A free and responsible press must provide the necessary social control for a healthy democracy. This is important in an era in which so much is dominated by information, and therefore instrumental to national development.

The press still needs improvement. There is still too much government intervention, but also the quality of the press is in many cases questionable. It is increasingly dominated by individuals and groups with strong financial backing, each of them representing different political interests which are not necessarily conducive to national interest.

It is encouraging that the government has finally started to give more autonomy to regional governments. Although it is being done slowly, there is at least hope for a better future.

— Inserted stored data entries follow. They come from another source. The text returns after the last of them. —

Lemma numl_factor_gt0 i k : (k <= n - 1)%N -> (i < k)%N -> 0 < 1 - (i%:R : R) / m.
Proof.
move=> kn ik; have m1 := @m_ge1 R n n_ge2.
have im : ((i.+1)%:R : R) <= m by apply: natr_le_m; lia.
by rewrite subr_gt0 ltr_pdivrMr ?mul1r -?natr1; lra.
Qed.

Lemma numr_factor_gt0 i (y : R) : (i < n)%N -> 0 <= y < 2^-1 ->
  0 < 1 + - (1 + i%:R / m) * y.
Proof.
move=> ilt /andP[y0 y1].
by have /andP[g0 g1] := @natr_div_m_ge0_le1 R _ n_ge2 _ ilt; nra.
Qed.

Lemma denom_factor_gt0 i (y : R) : (i < n)%N -> 0 <= y < 1 -> 0 < 1 + - (i%:R / m) * y.
Proof.
move=> ilt /andP[y0 y1].
by have /andP[g0 g1] := @natr_div_m_ge0_le1 R _ n_ge2 _ ilt; nra.
Qed.

Lemma logderiv_pleftE k (x : R) : (k <= n - 1)%N -> 0 < x < 2^-1 ->
  x * (\sum_(i < k) (1 - i%:R / m) / (0 + (1 - i%:R / m) * x)
       + \sum_(i < n - k) - (1 + i%:R / m) / (1 + - (1 + i%:R / m) * x)
       - \sum_(i < n) - (i%:R / m) / (1 + - (i%:R / m) * x)) = phi n k x.
Proof.
move=> kn /andP[x0 x1]; have kn' : (k <= n)%N by lia.
have x_half : 0 <= x < 2^-1 by apply/andP; split; lra.
have x_lt1 : 0 <= x < 1 by apply/andP; split; lra.
rewrite mulrBr mulrDr !mulr_sumr.
have -> : \sum_(i < k) x * ((1 - i%:R / m) / (0 + (1 - i%:R / m) * x)) = \sum_(i < k) 1.
  apply: eq_bigr => i _; move: (numl_factor_gt0 _ _ kn (ltn_ord i)).
  by move: (i%:R / m) => g gt0; field; field_nonzero.
have -> : \sum_(i < n - k) x * (- (1 + i%:R / m) / (1 + - (1 + i%:R / m) * x))
    = \sum_(i < n - k) (1 - (1 - x - i%:R / m * x)^-1).
  apply: eq_bigr => i _.
  move: (numr_factor_gt0 _ _ (leq_trans (ltn_ord i) (leq_subr k n)) x_half).
  by move: (i%:R / m) => g gt0; field; field_nonzero.
have -> : \sum_(i < n) x * (- (i%:R / m) / (1 + - (i%:R / m) * x))
    = \sum_(i < n) (1 - (1 - i%:R / m * x)^-1).
  apply: eq_bigr => i _.
  move: (denom_factor_gt0 _ _ (ltn_ord i) x_lt1).
  by move: (i%:R / m) => g gt0; field; field_nonzero.
by rewrite !sumrB !sumr_const !card_ord /phi natrB //; ring.
Qed.

Lemma denom_pleft_gt0 (y : R) : 0 <= y < 1 ->
  0 < prod_affine n (fun=> 1) (fun i => - (i%:R / m)) y.
Proof. by move=> y01; apply: prodr_gt0 => i _; exact: denom_factor_gt0. Qed.

Lemma is_derive_pleft k (x : R) : (k <= n - 1)%N -> 0 < x < 2^-1 ->
  is_derive x 1 (pleft k) (pleft k x * phi n k x / x).
Proof.
move=> kn xb; have /andP[x0 x1] := xb.
have x01 : 0 <= x < 2^-1 by apply/andP; split; lra.
have x_lt1 : 0 <= x < 1 by apply/andP; split; lra.
have d1 := @is_derive_prod_affine R k (fun=> 0) (fun i => 1 - i%:R / m) x
  (fun i ik => ltac:(have := numl_factor_gt0 _ _ kn ik; move=> ?; field_nonzero)).
have d2 := @is_derive_prod_affine R (n - k) (fun=> 1) (fun i => - (1 + i%:R / m)) x
  (fun i ik => ltac:(have := numr_factor_gt0 _ _ (leq_trans ik (leq_subr k n)) x01;
                     move=> ?; field_nonzero)).
have d3 := @is_derive_prod_affine R n (fun=> 1) (fun i => - (i%:R / m)) x
  (fun i ik => ltac:(have := denom_factor_gt0 _ _ ik x_lt1; move=> ?; field_nonzero)).
have den0 := lt0r_neq0 (denom_pleft_gt0 x x_lt1).
apply: is_derive_eq (is_deriveZ ('C(n, k)%:R) (is_deriveM (is_deriveM d1 d2)
  (is_deriveV (f := prod_affine n (fun=> 1) (fun i => - (i%:R / m))) den0 d3))) _.
rewrite -(logderiv_pleftE _ _ kn xb).
by rewrite /pleft !fctE /GRing.scale /=; field; rewrite den0 andbT; apply/lt0r_neq0.
Qed.

Lemma derivable_pleft k (y : R) : 0 <= y <= 2^-1 -> derivable (pleft k) y 1.
Proof.
move=> /andP[y0 y1].
have den0 := lt0r_neq0 (denom_pleft_gt0 y ltac:(apply/andP; split; lra)).
have -> : pleft k = 'C(n, k)%:R \*: (prod_affine k (fun=> 0) (fun i => 1 - i%:R / m)
    * prod_affine (n - k) (fun=> 1) (fun i => - (1 + i%:R / m))
    * (fun y => (prod_affine n (fun=> 1) (fun i => - (i%:R / m)) y)^-1)) by [].
apply/derivableZ/derivableM; first by apply: derivableM; exact: derivable_prod_affine.
exact: derivableV den0 (derivable_prod_affine _ _ _ _).
Qed.

Lemma pleft_ge0 k (x : R) : (k <= n - 1)%N -> 0 < x < 2^-1 -> 0 <= pleft k x.
Proof.
move=> kn /andP[x0 x1].
have den := denom_pleft_gt0 x ltac:(apply/andP; split; lra).
rewrite /pleft; apply: mulr_ge0 => //; apply: mulr_ge0; last by rewrite invr_ge0 ltW.
apply: mulr_ge0; apply: prodr_ge0 => i ilt.
  by rewrite add0r; apply: mulr_ge0; [exact/ltW/(numl_factor_gt0 _ _ kn) | lra].
apply/ltW/numr_factor_gt0; first exact: leq_trans (ltn_ord i) (leq_subr k n).
by apply/andP; split; lra.
Qed.

Lemma pnk_ndecr_of_phi_ge0 k (a b : R) : (k <= n - 1)%N -> 0 <= a -> b <= 2^-1 ->
  (forall y, a < y -> y < b -> 0 <= phi n k y) ->
  forall x y, a <= x -> x <= y -> y <= b -> pnk n k x <= pnk n k y.
Proof.
move=> kn a0 b1 phi_ge0 x y ax xy yb.
rewrite !pnk_pleftE; [|apply/andP; split; lra..].
apply: (@is_derive_ge0_ndecr _ (pleft k) (fun z => pleft k z * phi n k z / z) a b) => //.
- by move=> z /andP[z1 z2]; apply: derivable_pleft; apply/andP; split; lra.
- by move=> z /andP[z1 z2]; apply: is_derive_pleft => //; apply/andP; split; lra.
- move=> z /andP[z1 z2]; apply: divr_ge0; last lra.
  apply: mulr_ge0; last exact: phi_ge0.
  by apply: pleft_ge0 => //; apply/andP; split; lra.
Qed.

Lemma pnk_nincr_of_phi_le0 k (a b : R) : (k <= n - 1)%N -> 0 <= a -> b <= 2^-1 ->
  (forall y, a < y -> y < b -> phi n k y <= 0) ->
  forall x y, a <= x -> x <= y -> y <= b -> pnk n k y <= pnk n k x.
Proof.
move=> kn a0 b1 phi_le0 x y ax xy yb.
rewrite !pnk_pleftE; [|apply/andP; split; lra..].
apply: (@is_derive_le0_nincr _ (pleft k) (fun z => pleft k z * phi n k z / z) a b) => //.
- by move=> z /andP[z1 z2]; apply: derivable_pleft; apply/andP; split; lra.
- by move=> z /andP[z1 z2]; apply: is_derive_pleft => //; apply/andP; split; lra.
- move=> z /andP[z1 z2]; apply: mulr_le0_ge0; last by rewrite invr_ge0; lra.
  apply: mulr_ge0_le0; last exact: phi_le0.
  by apply: pleft_ge0 => //; apply/andP; split; lra.
Qed.

Lemma pnkn_eq0 (y : R) : 0 <= y <= 2^-1 -> pnk n n y = 0.
Proof.
move=> y01; have n1 : (n - 1 < n)%N by lia.
have m0 : m != 0 by apply/lt0r_neq0; have := @m_ge1 R n n_ge2; lra.
rewrite pnk_pleftE // /pleft /prod_affine (bigD1 (Ordinal n1)) //= natrB; last lia.
by rewrite divff // subrr mul0r add0r !mul0r mulr0.
Qed.

End LeftHalf.

Lemma pnk_sym (R : realType) n k (y : R) : (k <= n)%N ->
  pnk n k (1 - y) = pnk n (n - k) y.
Proof.
by move=> kn; rewrite /pnk /cpol subKr minC bin_sub // subKn //; ring.
Qed.

Lemma natr_le_half_predE (F : realFieldType) (n k : nat) :
  (k%:R <= (n%:R - 1) / 2 :> F) = (2 * k + 1 <= n)%N.
Proof. by rewrite ler_pdivlMr // -(ler_nat F) natrD natrM; apply/idP/idP; lra. Qed.

Lemma natr_lt_half_succE (F : realFieldType) (n k : nat) :
  (k%:R < (n%:R + 1) / 2 :> F) = (2 * k < n + 1)%N.
Proof. by rewrite ltr_pdivlMr // -(ltr_nat F) natrD natrM; apply/idP/idP; lra. Qed.

Section Unimodality.
Context {R : realType}.
Context {n : nat}.
Hypothesis n_ge2 : (2 <= n)%N.

Lemma pnk_flip k (x : R) : (k <= n)%N -> pnk n k x = pnk n (n - k) (1 - x).
Proof. by move=> kn; rewrite -pnk_sym // subKr. Qed.

Lemma pnk_ndecr_left_half k : (n <= 2 * k)%N -> (k <= n)%N ->
  forall x y : R, 0 <= x -> x <= y -> y <= 2^-1 -> pnk n k x <= pnk n k y.
Proof.
move=> nk kn x y x0 xy y1.
have [->|kn1] : k = n \/ (k <= n - 1)%N by lia.
  by rewrite !pnkn_eq0 //; apply/andP; split; lra.
apply: (pnk_ndecr_of_phi_ge0 n_ge2 _ _ _ kn1 (lexx 0) (lexx 2^-1)) => // z z0 z1.
exact: phi_ge0_below_half.
Qed.

Lemma pnk_unimodal_xnj k : (2 * k + 1 <= n)%N ->
  (forall x y : R, 0 <= x -> x <= y -> y <= xnj R n k -> pnk n k x <= pnk n k y) /\
  (forall x y : R, xnj R n k <= x -> x <= y -> y <= 1 -> pnk n k y <= pnk n k x).
Proof.
move=> kn; have kn1 : (k <= n - 1)%N by lia.
have kn' : (k <= n)%N by lia.
have [x0 x_half pos neg] := xnj_sign (R := R) n_ge2 _ kn.
split; first exact: (pnk_ndecr_of_phi_ge0 n_ge2 _ _ _ kn1 (lexx 0) x_half).
have left_decr (x y : R) :
    xnj R n k <= x -> x <= y -> y <= 2^-1 -> pnk n k y <= pnk n k x.
  exact: (pnk_nincr_of_phi_le0 n_ge2 _ _ _ kn1 x0 (lexx _)).
have right_decr (x y : R) :
    2^-1 <= x -> x <= y -> y <= 1 -> pnk n k y <= pnk n k x.
  move=> x_half' xy y1; rewrite !(pnk_flip _ _ kn').
  by apply: pnk_ndecr_left_half; [lia | lia | lra | lra | lra].
move=> x y xx xy y1.
have [y_half|y_half] := lerP y 2^-1; first exact: left_decr.
have [x_half'|x_half'] := lerP 2^-1 x; first exact: right_decr.
apply: (@le_trans _ _ (pnk n k (2^-1 : R))).
  by apply: right_decr; lra.
by apply: left_decr; lra.
Qed.

End Unimodality.

Theorem theorem3p1 (R : realType) (n k : nat) (hn : (2 <= n)%N) (hk : (k <= n)%N) :
  (forall x y : R, 0 <= x -> x <= y -> y <= xstar R n k -> pnk n k x <= pnk n k y) /\
  (forall x y : R, xstar R n k <= x -> x <= y -> y <= 1 -> pnk n k y <= pnk n k x).
Proof.
rewrite /xstar natr_le_half_predE natr_lt_half_succE.
have [small|not_small] := boolP (2 * k + 1 <= n)%N; first exact: pnk_unimodal_xnj.
have [middle|large] := boolP (2 * k < n + 1)%N.
  have nk : (n - k)%N = k by lia.
  rewrite div1r; split=> x y x0 xy y1.
    by apply: pnk_ndecr_left_half => //; lia.
  rewrite !(pnk_flip _ _ hk) nk.
  by apply: pnk_ndecr_left_half => //; [lia | lra | lra | lra].
have [incr decr] := pnk_unimodal_xnj (R := R) hn (n - k) ltac:(lia).
split=> x y x0 xy y1; rewrite !(pnk_flip _ _ hk); [apply: decr | apply: incr]; lra.
Qed.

Centralization has lasted too long in Indonesia. However, there are many factors besides democratization that require the distribution of power to the regions, including security requirements.

There are many problems the public must face before democracy becomes a way of life, but with good intentions and the willingness to act, solutions will definitely come.

The writer is former governor the National Resilience Institute, now an ambassador-at-large to the Non-Aligned Movement.